In comparing bisexual and heterosexual individuals, there were insufficient data using LGBTQ convenience samples for analysis. Effects for population-based and non-LGBTQ convenience samples were similar (for continuous measures of current depression symptoms, population based: SMD = 0.44; 95% CI: 0.36, 0.52; I2 = 13.5%; non-LGBTQ convenience samples: SMD = 0.42; 95% CI: 0.34, 0.50; I2 = 0%; for binary measures of current depression, population based: OR = 3.01; 95% CI: 2.42, 3.75; I2 = 87.2%; LGBTQ convenience samples: OR = 1.16; 95% CI: 0.78, 1.73; I2 = 21.2%; non-LGBTQ convenience samples: OR = 1.43; 95% CI: 1.18, 1.74; I2 = 0%). There were insufficient data reporting on continuous measures of current anxiety symptoms to compare sampling approaches between bisexual and heterosexual people.

Effects of bisexual definition

As shown in , the studies included in this review very predominantly defined bisexuality on the basis of self-identification. For continuous measures of current depression symptoms, the 14 studies using an identity-based definition yielded a pooled SMD between bisexual and lesbian/gay groups of 0.24 (95% CI: 0.17, 0.30; I2 = 49.1%). In comparison, the four studies that used an attraction-based definition yielded a pooled SMD between bisexual and lesbian/gay groups of 0.08 (95% CI: −0.11, 0.27; I2 = 45.8%). Notably, three of these four attraction-based studies were of adolescent samples, with the fourth reporting data from a follow-up wave of participants initially recruited during adolescence. Using binary indicators of current depression, there was no apparent difference between estimates based on identity versus attraction definitions (identity: OR = 1.48; 95% CI: 1.21, 1.81; I2 = 75.1%; attraction: OR = 1.38; 95% CI: 1.20, 1.60; I2 = 0%). For the depression outcomes, none of the included studies reporting a lesbian/gay comparison group used a behavioral definition of bisexuality.

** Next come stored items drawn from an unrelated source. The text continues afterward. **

(* Let $G$ be a second countable locally compact group and $\Omega$ a homogeneous space of $G$. Let $F\subset P$ and $F\subset P'$ be closed subgroups of $G$, let $Y,Y'$ be closed subsets of $\Omega$ and let $M\subset G$. Suppose that (a) $PY=Y$ and $P'Y'=Y'$; (b) $mY\cap Y'\neq\emptyset$ for every $m\in M$; (c) $Y$ is a compact $F$-minimal subset. Then $hY\subset Y'$ for every $h\in N_G(F)\cap\overline{P'MP}$.
   Context: $N_G(F)$ denotes the normalizer of $F$ in $G$. For a closed subgroup $F\subset G$, a closed $F$-invariant subset $Y\subset\Omega$ is called $F$-minimal if it contains no proper nonempty closed $F$-invariant subset, i.e. $Fy$ is dense in $Y$ for every $y\in Y$. *)

From Stdlib Require Import List.

Set Implicit Arguments.

Record Topology (X : Type) := {
  opn : (X -> Prop) -> Prop;
  opn_full : opn (fun _ => True);
  opn_inter : forall U V, opn U -> opn V -> opn (fun x => U x /\ V x);
  opn_union : forall (I : Type) (U : I -> X -> Prop),
      (forall i, opn (U i)) -> opn (fun x => exists i, U i x)
}.

Section Topo.
Variables (X : Type) (T : Topology X).

Definition subset (A B : X -> Prop) : Prop := forall x, A x -> B x.

Definition closed (A : X -> Prop) : Prop := opn T (fun x => ~ A x).

Definition closure (A : X -> Prop) (x : X) : Prop :=
  forall U, opn T U -> U x -> exists y, U y /\ A y.

Definition compact (K : X -> Prop) : Prop :=
  forall (I : Type) (U : I -> X -> Prop),
    (forall i, opn T (U i)) ->
    (forall x, K x -> exists i, U i x) ->
    exists l : list I, forall x, K x -> exists i, In i l /\ U i x.

Definition hausdorff : Prop :=
  forall x y, x <> y -> exists U V, opn T U /\ opn T V /\ U x /\ V y /\
    forall z, U z -> V z -> False.

Definition locally_compact : Prop :=
  forall x, exists K U, compact K /\ opn T U /\ U x /\ subset U K.

Definition second_countable : Prop :=
  exists B : nat -> X -> Prop, (forall n, opn T (B n)) /\
    forall U x, opn T U -> U x -> exists n, B n x /\ subset (B n) U.
End Topo.

Definition continuous (X Y : Type) (TX : Topology X) (TY : Topology Y)
  (f : X -> Y) : Prop :=
  forall V, opn TY V -> opn TX (fun x => V (f x)).

Definition continuous2 (X Y Z : Type) (TX : Topology X) (TY : Topology Y)
  (TZ : Topology Z) (f : X -> Y -> Z) : Prop :=
  forall W x y, opn TZ W -> W (f x y) ->
    exists U V, opn TX U /\ opn TY V /\ U x /\ V y /\
      forall x' y', U x' -> V y' -> W (f x' y').

Definition open_map (X Y : Type) (TX : Topology X) (TY : Topology Y)
  (f : X -> Y) : Prop :=
  forall U, opn TX U -> opn TY (fun y => exists x, U x /\ f x = y).

Definition is_group (G : Type) (mul : G -> G -> G) (inv : G -> G) (one : G)
  : Prop :=
  (forall a b c, mul a (mul b c) = mul (mul a b) c) /\
  (forall a, mul one a = a) /\ (forall a, mul a one = a) /\
  (forall a, mul (inv a) a = one) /\ (forall a, mul a (inv a) = one).

Definition is_topological_group (G : Type) (TG : Topology G)
  (mul : G -> G -> G) (inv : G -> G) (one : G) : Prop :=
  is_group mul inv one /\ hausdorff TG /\
  continuous2 TG TG TG mul /\ continuous TG TG inv.

Definition is_lcsc_group (G : Type) (TG : Topology G)
  (mul : G -> G -> G) (inv : G -> G) (one : G) : Prop :=
  is_topological_group TG mul inv one /\ locally_compact TG /\
  second_countable TG.

Definition is_subgroup (G : Type) (mul : G -> G -> G) (inv : G -> G)
  (one : G) (H : G -> Prop) : Prop :=
  H one /\ (forall a b, H a -> H b -> H (mul a b)) /\
  (forall a, H a -> H (inv a)).

Definition is_closed_subgroup (G : Type) (TG : Topology G)
  (mul : G -> G -> G) (inv : G -> G) (one : G) (H : G -> Prop) : Prop :=
  is_subgroup mul inv one H /\ closed TG H.

Definition normalizer (G : Type) (mul : G -> G -> G) (inv : G -> G)
  (F : G -> Prop) (h : G) : Prop :=
  forall f, F f <-> F (mul h (mul f (inv h))).

Definition set_prod3 (G : Type) (mul : G -> G -> G) (A B C : G -> Prop)
  (g : G) : Prop :=
  exists a b c, A a /\ B b /\ C c /\ g = mul a (mul b c).

(* Omega is a homogeneous space of G: a Hausdorff G-space with a (jointly)
   continuous transitive action whose orbit maps g |-> g.w are open; this
   is exactly the quotient G/H (H = Stab(w), closed) with quotient topology. *)
Definition is_homogeneous_space (G Om : Type) (TG : Topology G)
  (mul : G -> G -> G) (one : G) (TO : Topology Om) (act : G -> Om -> Om)
  : Prop :=
  hausdorff TO /\
  (forall w, act one w = w) /\
  (forall g h w, act (mul g h) w = act g (act h w)) /\
  continuous2 TG TO TO act /\
  (forall w w', exists g, act g w = w') /\
  (forall w, open_map TG TO (fun g => act g w)).

Definition act_set (G Om : Type) (act : G -> Om -> Om) (A : G -> Prop)
  (Y : Om -> Prop) (w : Om) : Prop :=
  exists a y, A a /\ Y y /\ w = act a y.

Definition set_eq (X : Type) (A B : X -> Prop) : Prop := forall x, A x <-> B x.

Definition invariant (G Om : Type) (act : G -> Om -> Om) (F : G -> Prop)
  (Y : Om -> Prop) : Prop :=
  forall f y, F f -> Y y -> Y (act f y).

Definition minimal (G Om : Type) (TO : Topology Om) (act : G -> Om -> Om)
  (F : G -> Prop) (Y : Om -> Prop) : Prop :=
  closed TO Y /\ invariant act F Y /\
  forall Z : Om -> Prop, closed TO Z -> invariant act F Z -> subset Z Y ->
    (exists z, Z z) -> subset Y Z.

(* Meeting a closed set is a closed condition on g when Y is compact: by the
   tube lemma, if hY missed Y' then so would gY for all g near h, in
   particular for some g = p' m p in P'MP; but p' m p Y = p' m Y meets
   p' Y' = Y'. Hence Z = Y ∩ h^-1 Y' is nonempty, closed, and F-invariant
   because hFh^-1 = F ⊂ P' preserves Y'; by F-minimality Z = Y. *)

From Stdlib Require Import List Classical FunctionalExtensionality PropExtensionality.

Section OpenSets.
Variables (X : Type) (T : Topology X).

Lemma opn_ext (A B : X -> Prop) : (forall x, A x <-> B x) -> opn T A -> opn T B.
Proof.
  intros HAB HA. replace B with A; [exact HA|].
  apply functional_extensionality; intro x; apply propositional_extensionality; auto.
Qed.

Lemma opn_list_inter (I : Type) (U : I -> X -> Prop) (l : list I) :
  (forall i, opn T (U i)) -> opn T (fun x => forall i, In i l -> U i x).
Proof.
  intros HU; induction l as [|a l IH].
  - apply (opn_ext (fun _ => True)); [|apply opn_full].
    intro x; split; [intros _ i []|auto].
  - apply (opn_ext (fun x => U a x /\ forall i, In i l -> U i x)).
    + intro x; split.
      * intros [Ha Hl] i [<-|Hi]; auto.
      * intros H; split; [apply H; left|intros i Hi; apply H; right]; auto.
    + apply opn_inter; auto.
Qed.

Lemma opn_or (U V : X -> Prop) : opn T U -> opn T V -> opn T (fun x => U x \/ V x).
Proof.
  intros HU HV.
  apply (opn_ext (fun x => exists b : bool, if b then U x else V x)).
  - intro x; split.
    + intros [[|] H]; auto.
    + intros [H|H]; [exists true|exists false]; auto.
  - apply opn_union; intros [|]; auto.
Qed.

Lemma closed_and (A B : X -> Prop) :
  closed T A -> closed T B -> closed T (fun x => A x /\ B x).
Proof.
  intros HA HB. unfold closed.
  apply (opn_ext (fun x => ~ A x \/ ~ B x)).
  - intro x; split; [intros [H|H] [HAx HBx]; auto|].
    intro H; apply not_and_or; exact H.
  - apply opn_or; auto.
Qed.

End OpenSets.

Lemma closed_preimage (X Y : Type) (TX : Topology X) (TY : Topology Y)
  (f : X -> Y) (C : Y -> Prop) :
  continuous TX TY f -> closed TY C -> closed TX (fun x => C (f x)).
Proof. intros Hf HC; exact (Hf _ HC). Qed.

Section JointlyContinuous.
Variables (X Y Z : Type) (TX : Topology X) (TY : Topology Y) (TZ : Topology Z)
  (f : X -> Y -> Z).
Hypothesis f_cont : continuous2 TX TY TZ f.

Lemma continuous2_slice (x : X) : continuous TY TZ (f x).
Proof.
  intros W HW.
  set (I := { V : Y -> Prop | opn TY V /\ forall y, V y -> W (f x y) }).
  apply (opn_ext _ TY (fun y => exists i : I, proj1_sig i y)).
  - intro y; split.
    + intros [i Vy]; exact (proj2 (proj2_sig i) y Vy).
    + intros Wy. destruct (f_cont W x y HW Wy) as [U [V [_ [HV [Ux [Vy HUV]]]]]].
      assert (Hi : opn TY V /\ forall y', V y' -> W (f x y')) by
        (split; [exact HV|intros y' Vy'; apply HUV; auto]).
      exists (exist _ V Hi); exact Vy.
  - apply opn_union; intro i; exact (proj1 (proj2_sig i)).
Qed.

Lemma tube_compact (x : X) (K : Y -> Prop) (W : Z -> Prop) :
  compact TY K -> opn TZ W -> (forall y, K y -> W (f x y)) ->
  exists U, opn TX U /\ U x /\ forall x' y, U x' -> K y -> W (f x' y).
Proof.
  intros HK HW HxK.
  set (I := { p : (X -> Prop) * (Y -> Prop) |
              opn TX (fst p) /\ opn TY (snd p) /\ fst p x /\
              forall x' y, fst p x' -> snd p y -> W (f x' y) }).
  destruct (HK I (fun i => snd (proj1_sig i))) as [l Hl].
  - intro i; exact (proj1 (proj2 (proj2_sig i))).
  - intros y Ky.
    destruct (f_cont W x y HW (HxK y Ky)) as [U [V [HU [HV [Ux [Vy HUV]]]]]].
    exists (exist _ (U, V) (conj HU (conj HV (conj Ux HUV)))); exact Vy.
  - exists (fun x' => forall i : I, In i l -> fst (proj1_sig i) x'); split; [|split].
    + apply opn_list_inter; intro i; exact (proj1 (proj2_sig i)).
    + intros i _; exact (proj1 (proj2 (proj2 (proj2_sig i)))).
    + intros x' y Hx' Ky.
      destruct (Hl y Ky) as [i [Hin Hi]].
      exact (proj2 (proj2 (proj2 (proj2_sig i))) x' y (Hx' i Hin) Hi).
Qed.

Lemma closure_compact_meet (S : X -> Prop) (K : Y -> Prop) (C : Z -> Prop) (x : X) :
  compact TY K -> closed TZ C -> closure TX S x ->
  (forall x', S x' -> exists y, K y /\ C (f x' y)) ->
  exists y, K y /\ C (f x y).
Proof.
  intros HK HC Hx HS. apply NNPP; intro Hmiss.
  destruct (tube_compact x K (fun z => ~ C z) HK HC) as [U [HU [Ux HUK]]].
  { intros y Ky HCy; apply Hmiss; exists y; auto. }
  destruct (Hx U HU Ux) as [x' [Ux' Sx']].
  destruct (HS x' Sx') as [y [Ky HCy]].
  exact (HUK x' y Ux' Ky HCy).
Qed.

End JointlyContinuous.

Lemma minimal_subset_of_meet (G Om : Type) (TO : Topology Om) (act : G -> Om -> Om)
  (F : G -> Prop) (Y C : Om -> Prop) :
  minimal TO act F Y -> closed TO C -> invariant act F C ->
  (exists y, Y y /\ C y) -> subset Y C.
Proof.
  intros [HY [HFY Hmin]] HC HFC Hmeet y Yy.
  apply (Hmin (fun y => Y y /\ C y)); auto.
  - apply closed_and; auto.
  - intros g z Fg [Yz Cz]; split; auto.
  - intros z [Yz _]; exact Yz.
Qed.

Section GroupAction.
Variables (G Om : Type) (mul : G -> G -> G) (inv : G -> G) (one : G)
  (act : G -> Om -> Om).
Hypothesis mul_inv_l : forall a, mul (inv a) a = one.
Hypothesis mul_inv_r : forall a, mul a (inv a) = one.
Hypothesis act_one : forall w, act one w = w.
Hypothesis act_mul : forall g h w, act (mul g h) w = act g (act h w).

Lemma invariant_of_act_set_eq (P : G -> Prop) (Y : Om -> Prop) :
  set_eq (act_set act P Y) Y -> invariant act P Y.
Proof. intros HPY p y Pp Yy; apply HPY; exists p, y; auto. Qed.

Lemma act_conj (h f : G) (y : Om) :
  act h (act f y) = act (mul h (mul f (inv h))) (act h y).
Proof. now rewrite !act_mul, <- (act_mul (inv h)), mul_inv_l, act_one. Qed.

Lemma invariant_preimage_normalizer (F P' : G -> Prop) (Y' : Om -> Prop) (h : G) :
  normalizer mul inv F h -> subset F P' -> invariant act P' Y' ->
  invariant act F (fun y => Y' (act h y)).
Proof.
  intros Hh HFP' HY' f y Ff Y'hy.
  rewrite act_conj; apply HY'; [apply HFP', (proj1 (Hh f)) | ]; assumption.
Qed.

Lemma set_prod3_meet (P P' M : G -> Prop) (Y Y' : Om -> Prop) :
  (forall p, P p -> P (inv p)) -> invariant act P Y -> invariant act P' Y' ->
  (forall m, M m -> exists y, Y y /\ Y' (act m y)) ->
  forall g, set_prod3 mul P' M P g -> exists y, Y y /\ Y' (act g y).
Proof.
  intros HPinv HY HY' HM g [p' [m [p [P'p' [Mm [Pp ->]]]]]].
  destruct (HM m Mm) as [y [Yy Y'my]].
  exists (act (inv p) y); split; [apply HY; auto|].
  rewrite !act_mul, <- (act_mul p), mul_inv_r, act_one; apply HY'; assumption.
Qed.

End GroupAction.

Theorem lemma3p2 (G Om : Type) (TG : Topology G) (mul : G -> G -> G)
  (inv : G -> G) (one : G) (TO : Topology Om) (act : G -> Om -> Om)
  (HG : is_lcsc_group TG mul inv one)
  (HOm : is_homogeneous_space TG mul one TO act)
  (F P P' : G -> Prop) (Y Y' : Om -> Prop) (M : G -> Prop)
  (HF : is_closed_subgroup TG mul inv one F)
  (HP : is_closed_subgroup TG mul inv one P)
  (HP' : is_closed_subgroup TG mul inv one P')
  (HFP : subset F P) (HFP' : subset F P')
  (HY : closed TO Y) (HY' : closed TO Y')
  (Ha : set_eq (act_set act P Y) Y /\ set_eq (act_set act P' Y') Y')
  (Hb : forall m, M m -> exists y, Y y /\ Y' (act m y))
  (Hc : compact TO Y /\ minimal TO act F Y) :
  forall h, normalizer mul inv F h -> closure TG (set_prod3 mul P' M P) h ->
    subset (act_set act (fun g => g = h) Y) Y'.
Proof.
  intros h Hh Hcl.
  destruct HG as [[[_ [_ [_ [Hil Hir]]]] _] _].
  destruct HOm as [_ [Hact1 [Hactm [Hactc _]]]].
  destruct Ha as [HPY HP'Y'].
  apply invariant_of_act_set_eq in HPY, HP'Y'.
  destruct Hc as [Hcomp Hmin].
  destruct HP as [[_ [_ HPinv]] _].
  assert (Hmeet : exists y, Y y /\ Y' (act h y)).
  { apply (closure_compact_meet _ _ _ TG TO TO act Hactc (set_prod3 mul P' M P)); auto.
    apply (set_prod3_meet G Om mul inv one act Hir Hact1 Hactm); auto. }
  assert (HYh : subset Y (fun y => Y' (act h y))).
  { apply (minimal_subset_of_meet G Om TO act F); auto.
    - apply (closed_preimage _ _ TO TO); [|exact HY'].
      exact (continuous2_slice _ _ _ TG TO TO act Hactc h).
    - apply (invariant_preimage_normalizer G Om mul inv one act Hil Hact1 Hactm F P'); auto. }
  intros w [g [y [-> [Yy ->]]]]; exact (HYh y Yy).
Qed.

In comparing continuous current depression scores between bisexual and heterosexual groups across these three definitions of bisexuality, the pooled SMD was very comparable between identity-based and attraction-based definitions but lower for the two studies that used a behavioral definition (identity based: SMD = 0.43; 95% CI: 0.37, 0.50; I2 = 0.01%; attraction based: SMD = 0.43; 95% CI: 0.33, 0.54; I2 = 24.1%; behavior based: SMD = 0.21; 95% CI: −0.04, 0.45; I2 = 0%). Using binary indicators of current depression, behavior-based studies also reported a smaller effect (identity based: OR = 2.30; 95% CI: 1.77, 2.97; I2 = 89.5%; attraction based: OR = 4.73; 95% CI: 3.91, 5.72; I2 = 0%; behavior based: OR = 1.43; 95% CI: 1.18, 1.74; I2 = 0%).

Summary

Across both outcomes (depression and anxiety) operationalized in a variety of ways (e.g., as a continuous measure of current symptoms; as a lifetime diagnosis), our analysis suggests a consistent pattern of lowest rates of depression/anxiety among heterosexual people, while bisexual people exhibit higher or equivalent rates in comparison to lesbian/gay people. Gender/sex and age both appear to be important moderators of the relationship between bisexuality and mental health. While there is no consistent pattern with respect to sampling type, there is some evidence that identity-based definitions yield disparities of greater magnitude than do attraction-based definitions. In the section that follows, we draw from empirical and theoretical literature to try to understand and explain these findings.

Literature Review

Despite the relatively small number of studies that could be included in our meta-analysis, there is a robust body of empirical and theoretical literature to help us understand why bisexual people might be at disproportionate risk for depression and anxiety. This literature comes predominantly from North America and the United Kingdom, and out of the social sciences, rather than health sciences (that is, the fields of psychology, sociology, and other disciplines such as gender studies). In the remainder of this article, we engage with this literature and consider it in light of the results of our meta-analysis to theorize about the mechanisms underlying the observed mental health disparities.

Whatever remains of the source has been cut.